All in all, as much complaining as I’ve done about it, I do recommend this story, even though I can’t in good faith award it any more stars than three. I love watching movies where the characters’ dilemma seems to get worse every ten minutes, but somehow they still manage to scrape their way out, and the sci-fi disaster half of this tale was a well planned and skillfully told example of that kind of storytelling. If not for the sub-par murder mystery half, and if the author had improved his characters’ depth and given them more mature things to do and say, this book would have earned five brightly burning, bone-charring stars. As it stands, it’ll have to somehow survive on three.
A science fiction murder mystery of the closed room subgenre - because on a spaceship with only two handfuls of people, you know you are locked in with the killer. One by one people die but the scary countdown is not the killer on the inside of the ship. The void of space is nowhere near as forgiving as a psychopath. Damage during the first murder compromised the ship's navigation and its course will skirt too close to the sun for the environmental controls before aiming out into the freezing forever of the universe. With only days to go, can the main character avoid the killer long enough to save the survivors?
Mr.
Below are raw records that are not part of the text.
Lemma stage_payoff_bounded i : exists B, forall Psi mu0,
  (forall j, is_policy (Psi j)) -> (forall j, is_distr (mu0 j)) ->
  forall t, Rabs (stage_payoff Psi mu0 i t) <= B.
Proof.
have [Wb w_le] := continuous_on_01_bounded (w_cont i).
exists (Wb * \rsum_(x : JointSA Smax Lmax Dmax) Rabs (v i (U i (fun j => (x j).2)))).
have term_le a y c : 0 <= a <= 1 -> Rabs y <= Wb -> Rabs (a * y * c) <= Wb * Rabs c.
  move=> a01 y_le; rewrite !Rabs_mult (Rabs_right a); last lra.
  have : a * Rabs y <= Wb by have := Rabs_pos y; nra.
  by have := Rabs_pos c; nra.
move=> Psi mu0 Psi_pol mu0_distr t; rewrite big_distrr /=.
apply: (Rle_trans _ _ _ (Rabs_rsum_le _)); apply: rsum_le => x; apply: term_le.
  exact: sa_prob_01_at.
apply: w_le; apply: prod_01 => j; exact: sa_prob_01_at.
Qed.

Lemma stage_payoff_settles i delta : 0 < delta -> exists M, forall Psi mu0,
  (forall j, is_policy (Psi j)) -> (forall j, is_distr (mu0 j)) ->
  forall t, (M <= t)%N -> Rabs (stage_payoff Psi mu0 i t - stage_payoff Psi mu0 i M) <= delta.
Proof.
move=> delta0; have [Wb w_le] := continuous_on_01_bounded (w_cont i).
have Wb0 : 0 <= Wb by have := w_le 0 ltac:(lra); have := Rabs_pos (w i 0); lra.
set Vs := \rsum_(x : JointSA Smax Lmax Dmax) Rabs (v i (U i (fun j => (x j).2))).
have Vs0 : 0 <= Vs by apply: rsum_ge0 => x; apply: Rabs_pos.
set e := delta / (2 * (Vs + 1)).
have e_Vs : 2 * e * (Vs + 1) = delta by rewrite /e; field; lra.
have e0 : 0 < e by apply: Rdiv_lt_0_compat; lra.
have [dw [dw0 w_unif]] := continuous_on_01_uniform (w_cont i) e0.
have N0 := pos_INR N.
set eta := Rmin (e / (Wb + 1)) (dw / (INR N + 1)).
have eta0 : 0 < eta by apply: Rmin_glb_lt; apply: Rdiv_lt_0_compat; lra.
have eta_Wb : eta * Wb <= e.
  have : eta <= e / (Wb + 1) := Rmin_l _ _.
  have : e / (Wb + 1) * (Wb + 1) = e by field; lra.
  nra.
have N_eta : INR N * eta < dw.
  have : eta <= dw / (INR N + 1) := Rmin_r _ _.
  have : dw / (INR N + 1) * (INR N + 1) = dw by field; lra.
  nra.
have [M sa_close] := sa_prob_eventually_close eta0.
exists M => Psi mu0 Psi_pol mu0_distr t le_Mt.
have sa01 j t' (x : JointSA Smax Lmax Dmax) :
    0 <= sa_prob (K j) (Psi j) (mu0 j) t' (x j).1 (x j).2 <= 1 by apply: sa_prob_01_at.
rewrite /stage_payoff /Rminus -rsum_opp -big_split /=.
apply: (Rle_trans _ _ _ (Rabs_rsum_le _)).
apply: (Rle_trans _ (\rsum_(x : JointSA Smax Lmax Dmax)
  (eta * Wb + e) * Rabs (v i (U i (fun j => (x j).2))))).
  apply: rsum_le => x; apply: Rabs_mul_sub_mul_le.
  - exact: sa01.
  - by apply: w_le; apply: prod_01 => j; apply: sa01.
  - exact: sa_close.
  left; apply: w_unif; try by apply: prod_01 => j; apply: sa01.
  apply: (Rle_lt_trans _ (INR #|'I_N| * eta)); last by rewrite card_ord.
  by apply: Rabs_prod_sub_le => j; [apply: sa01 | apply: sa01 | apply: sa_close].
rewrite -big_distrr /= -/Vs; nra.
Qed.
Cobb wrote a hard sci-fiction story; knowing him from ConCarolina's science track, I bet even the near-pass of the Sun was worked out to the third decimal point. His characterization isn't quite as well done as the science, but the murder mystery plot line keeps things hopping.
If you want more science than fiction in your story, this read is the perfect choice.
Picked up while free on kindle in relation to ConCarolinas 2016.